WORK TO BE COMPLETED –
Word for word, transcribe the lines from the one containing "have [nu [hnu" through the end of the entries, both included, and nothing else.

Stored data entries
§

(* Let $K$ be a finite field, $\kappa$ an infinite cardinal, $(R_\alpha\mid\alpha<\kappa)$ a sequence of $K$-algebras, $P=\prod_{\alpha<\kappa}R_\alpha$ and $I=\bigoplus_{\alpha<\kappa}R_\alpha\subseteq P$. Let $R$ be a subring of $P$ with $1_R=1_P$, containing $I$ as an ideal, such that there is a ring isomorphism $\varphi:R/I\cong K$. Then $R$ is a semidirect product of $I$ and $K$, i.e., there exist ring homomorphisms $\pi:R\to K$ surjective with $\mathrm{Ker}\,\pi=I$ and $\nu:K\to R$ with $\pi\nu=\mathrm{id}_K$.
   Context: Rings are unital and ring homomorphisms preserve units. *)

From HB Require Import structures.
From mathcomp Require Import all_boot all_algebra.
From Stdlib Require Import List.
Set Implicit Arguments. Unset Strict Implicit. Unset Printing Implicit Defensive.
Import GRing.Theory.
Local Open Scope ring_scope.

Definition infinite_type (A : Type) : Prop :=
  ~ (exists s : list A, forall a : A, List.In a s).

(* A K-algebra (K commutative) : a (unital, possibly zero) ring S together
   with a unital ring morphism K -> S whose image is central. *)
Definition central_structure (K : fieldType) (S : pzRingType)
  (f : {rmorphism K -> S}) : Prop :=
  forall (k : K) (x : S), f k * x = x * f k.

Section Product.
Variables (A : Type) (R : A -> pzRingType).
Definition prodR := forall a : A, R a.
Definition p0 : prodR := fun a => 0.
Definition p1 : prodR := fun a => 1.
Definition padd (x y : prodR) : prodR := fun a => x a + y a.
Definition popp (x : prodR) : prodR := fun a => - x a.
Definition pmul (x y : prodR) : prodR := fun a => x a * y a.

Definition in_dsum (x : prodR) : Prop :=
  exists s : list A, forall a : A, ~ List.In a s -> x a = 0.

Definition is_subring (S : prodR -> Prop) : Prop :=
  [/\ S p1,
      forall x y, S x -> S y -> S (padd x y),
      forall x, S x -> S (popp x) &
      forall x y, S x -> S y -> S (pmul x y)].

(* f : S -> T (represented as a function on P, only its values on S matter)
   is a unital ring homomorphism from the subring S. *)
Definition subring_hom (T : pzRingType) (S : prodR -> Prop) (f : prodR -> T)
  : Prop :=
  [/\ f p1 = 1,
      forall x y, S x -> S y -> f (padd x y) = f x + f y &
      forall x y, S x -> S y -> f (pmul x y) = f x * f y].

Definition hom_into_subring (T : pzRingType) (S : prodR -> Prop)
  (g : T -> prodR) : Prop :=
  [/\ forall t, S (g t),
      g 1 = p1,
      forall t u, g (t + u) = padd (g t) (g u) &
      forall t u, g (t * u) = pmul (g t) (g u)].

Definition surj_ker_dsum (T : pzRingType) (S : prodR -> Prop) (f : prodR -> T)
  : Prop :=
  (forall t : T, exists x, S x /\ f x = t) /\
  (forall x, S x -> (f x = 0 <-> in_dsum x)).
End Product.

From HB Require Import structures.
From mathcomp Require Import all_boot all_algebra.
From Stdlib Require Import ClassicalEpsilon FunctionalExtensionality.
Set Implicit Arguments. Unset Strict Implicit. Unset Printing Implicit Defensive.
Import GRing.Theory.
Local Open Scope ring_scope.

(* Pick any lift [x : K -> R] of [phi]. The defects [x (t + u) - x t - x u],
   [x (t * u) - x t * x u] and [x 1 - 1] lie in the direct sum, and since [K]
   is finite there are only finitely many of them, so they all vanish outside
   one finite set [F] of indices: off [F], every coordinate of [x] is already
   a ring morphism. Replacing the coordinates in [F] by the structure maps
   [K -> R a] yields a ring morphism [nu : K -> R] that differs from [x] by an
   element of [I], hence still lifts [phi]. Neither the infinity of the index
   set nor the centrality of the structure maps is needed. *)

Section Product.
Variables (A : Type) (R : A -> pzRingType).
Local Notation P := (prodR R).

Definition psub (x y : P) : P := padd x (popp y).

Definition agree_off (s : list A) (x y : P) : Prop :=
  forall a, ~ List.In a s -> x a = y a.

Lemma agree_off_catl s s' x y : agree_off s x y -> agree_off (s ++ s') x y.
Proof. by move=> xy a /List.in_app_iff nin; apply: xy => ?; apply: nin; left. Qed.

Lemma agree_off_catr s s' x y : agree_off s' x y -> agree_off (s ++ s') x y.
Proof. by move=> xy a /List.in_app_iff nin; apply: xy => ?; apply: nin; right. Qed.

Lemma in_dsum_psubP x y : in_dsum (psub x y) <-> exists s, agree_off s x y.
Proof.
split=> -[s xy]; exists s => a /xy; rewrite /psub /padd /popp.
  by move/eqP; rewrite subr_eq0 => /eqP.
by move->; rewrite subrr.
Qed.

Lemma agree_off_finite (J : finType) (f g : J -> P) :
  (forall j, exists s, agree_off s (f j) (g j)) ->
  exists s, forall j, agree_off s (f j) (g j).
Proof.
move=> fg.
suff [s sP] : exists s, forall j, j \in enum J -> agree_off s (f j) (g j).
  by exists s => j; apply: sP; rewrite mem_enum.
elim: (enum J) => [|j js [s sP]]; first by exists nil.
have [s' s'P] := fg j; exists (s' ++ s) => i; rewrite in_cons => /orP [/eqP -> | ijs].
  exact: agree_off_catl.
exact/agree_off_catr/sP.
Qed.

Lemma psubKC x y : padd y (psub x y) = x.
Proof.
by apply: functional_extensionality_dep => a; rewrite /padd /psub /popp addrC subrK.
Qed.

Definition patch (F : list A) (y z : P) : P := fun a =>
  if excluded_middle_informative (List.In a F) then y a else z a.

Lemma patch_in F y z a : List.In a F -> patch F y z a = y a.
Proof. by rewrite /patch; case: excluded_middle_informative. Qed.

Lemma patch_out F y z : agree_off F (patch F y z) z.
Proof. by move=> a; rewrite /patch; case: excluded_middle_informative. Qed.

Section Subring.
Variable S : P -> Prop.
Hypotheses (hS : is_subring S) (hI : forall x, in_dsum x -> S x).

Lemma subring_psub x y : S x -> S y -> S (psub x y).
Proof. by have [_ SD SN _] := hS => Sx Sy; apply/SD/SN. Qed.

Lemma subring0 : S (p0 R).
Proof. by apply: hI; exists nil. Qed.

Lemma subring_agree_off s x y : S y -> agree_off s x y -> S x.
Proof.
have [_ SD _ _] := hS => Sy xy; rewrite -(psubKC x y).
by apply: SD Sy _; apply/hI/in_dsum_psubP; exists s.
Qed.

Variables (T : pzRingType) (phi : P -> T).
Hypotheses (hphi : subring_hom S phi) (hker : surj_ker_dsum S phi).

Lemma subring_hom0 : phi (p0 R) = 0.
Proof. by apply/(hker.2 _ subring0); exists nil. Qed.

Lemma subring_homB x y : S x -> S y -> phi (psub x y) = phi x - phi y.
Proof.
have [_ hD _] := hphi; have [_ _ SN _] := hS => Sx Sy.
rewrite hD //; last exact: SN.
congr (_ + _); apply/eqP; rewrite -subr_eq0 opprK addrC -hD //; last exact: SN.
suff -> : padd y (popp y) = p0 R by rewrite subring_hom0.
by apply: functional_extensionality_dep => a; rewrite /padd /popp subrr.
Qed.

Lemma subring_hom_eqP x y :
  S x -> S y -> phi x = phi y <-> exists s, agree_off s x y.
Proof.
move=> Sx Sy; rewrite -in_dsum_psubP -(hker.2 _ (subring_psub Sx Sy)).
rewrite subring_homB //; split=> [-> | /eqP]; first exact: subrr.
by rewrite subr_eq0 => /eqP.
Qed.

Lemma subring_hom_lift :
  exists x : T -> P, forall t, S (x t) /\ phi (x t) = t.
Proof.
have [x xP] := ClassicalEpsilon.choice _ hker.1.
by exists x => t; have [] := xP t.
Qed.

End Subring.
End Product.

Section Splitting.
Variables (A : Type) (R : A -> pzRingType) (T : finPzRingType).
Variable alg : forall a : A, {rmorphism T -> R a}.
Variable S : prodR R -> Prop.
Hypotheses (hS : is_subring S) (hI : forall x, in_dsum x -> S x).
Variable phi : prodR R -> T.
Hypotheses (hphi : subring_hom S phi) (hker : surj_ker_dsum S phi).
Variable x : T -> prodR R.
Hypothesis hx : forall t, S (x t) /\ phi (x t) = t.

Lemma lift_hom_off_finite : exists F : list A,
  [/\ agree_off F (x 1) (p1 R),
      forall t u, agree_off F (x (t + u)) (padd (x t) (x u)) &
      forall t u, agree_off F (x (t * u)) (pmul (x t) (x u))].
Proof.
have [h1 hD hM] := hphi; have [S1 SD _ SM] := hS.
have Sx t := (hx t).1; have phix t := (hx t).2.
have agree_of_phi y z : S y -> S z -> phi y = phi z -> exists s, agree_off s y z.
  by move=> Sy Sz /(subring_hom_eqP hS hI hphi hker Sy Sz).
have [s1 s1P] : exists s, agree_off s (x 1) (p1 R).
  by apply: agree_of_phi => //; rewrite phix h1.
have [sD sDP] : exists s, forall tu : T * T,
    agree_off s (x (tu.1 + tu.2)) (padd (x tu.1) (x tu.2)).
  apply: agree_off_finite => -[t u] /=.
  by apply: agree_of_phi; [|apply: SD|rewrite hD ?phix].
have [sM sMP] : exists s, forall tu : T * T,
    agree_off s (x (tu.1 * tu.2)) (pmul (x tu.1) (x tu.2)).
  apply: agree_off_finite => -[t u] /=.
  by apply: agree_of_phi; [|apply: SM|rewrite hM ?phix].
exists (s1 ++ sD ++ sM); split=> [|t u|t u].
- exact: agree_off_catl.
- by apply/agree_off_catr/agree_off_catl; apply: (sDP (t, u)).
- by apply/agree_off_catr/agree_off_catr; apply: (sMP (t, u)).
Qed.

Lemma subring_hom_split :
  exists nu : T -> prodR R, hom_into_subring S nu /\ forall t, phi (nu t) = t.
Proof.
have [F [x1 xD xM]] := lift_hom_off_finite.
pose nu t := patch F (fun a => alg a t) (x t).
have nu_x t : agree_off F (nu t) (x t) by apply: patch_out.
have nu_alg t a : List.In a F -> nu t a = alg a t by apply: patch_in.
have Snu t : S (nu t) := subring_agree_off hS hI (hx t).1 (nu_x t).
exists nu; split; last first.
  move=> t; rewrite -{2}((hx t).2).
  by apply/(subring_hom_eqP hS hI hphi hker (Snu t) (hx t).1); exists F.
split=> // [|t u|t u]; apply: functional_extensionality_dep => a;
  have [aF|aF] := excluded_middle_informative (List.In a F).
- by rewrite nu_alg // rmorph1.
- by rewrite nu_x // x1.
- by rewrite /padd !nu_alg // rmorphD.
- by rewrite /padd !nu_x // xD.
- by rewrite /pmul !nu_alg // rmorphM.
- by rewrite /pmul !nu_x // xM.
Qed.

End Splitting.

Theorem proposition4p7
  (K : finFieldType) (A : Type) (hA : infinite_type A)
  (R : A -> pzRingType) (alg : forall a : A, {rmorphism K -> R a})
  (halg : forall a : A, central_structure (alg a))
  (S : prodR R -> Prop) (hS : is_subring S)
  (hI : forall x : prodR R, in_dsum x -> S x)
  (hquot : exists phi : prodR R -> K,
      subring_hom S phi /\ surj_ker_dsum S phi) :
  exists (pi : prodR R -> K) (nu : K -> prodR R),
    [/\ subring_hom S pi, surj_ker_dsum S pi,
        hom_into_subring S nu &
        forall k : K, pi (nu k) = k].
Proof.
have [phi [hphi hker]] := hquot.
have [x hx] := subring_hom_lift hker.
have [nu [hnu nuK]] := subring_hom_split alg hS hI hphi hker hx.
by exists phi, nu.
Qed.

§

ANSWER FOR THIS EXERCISE –
have [nu [hnu nuK]] := subring_hom_split alg hS hI hphi hker hx.
by exists phi, nu.
Qed.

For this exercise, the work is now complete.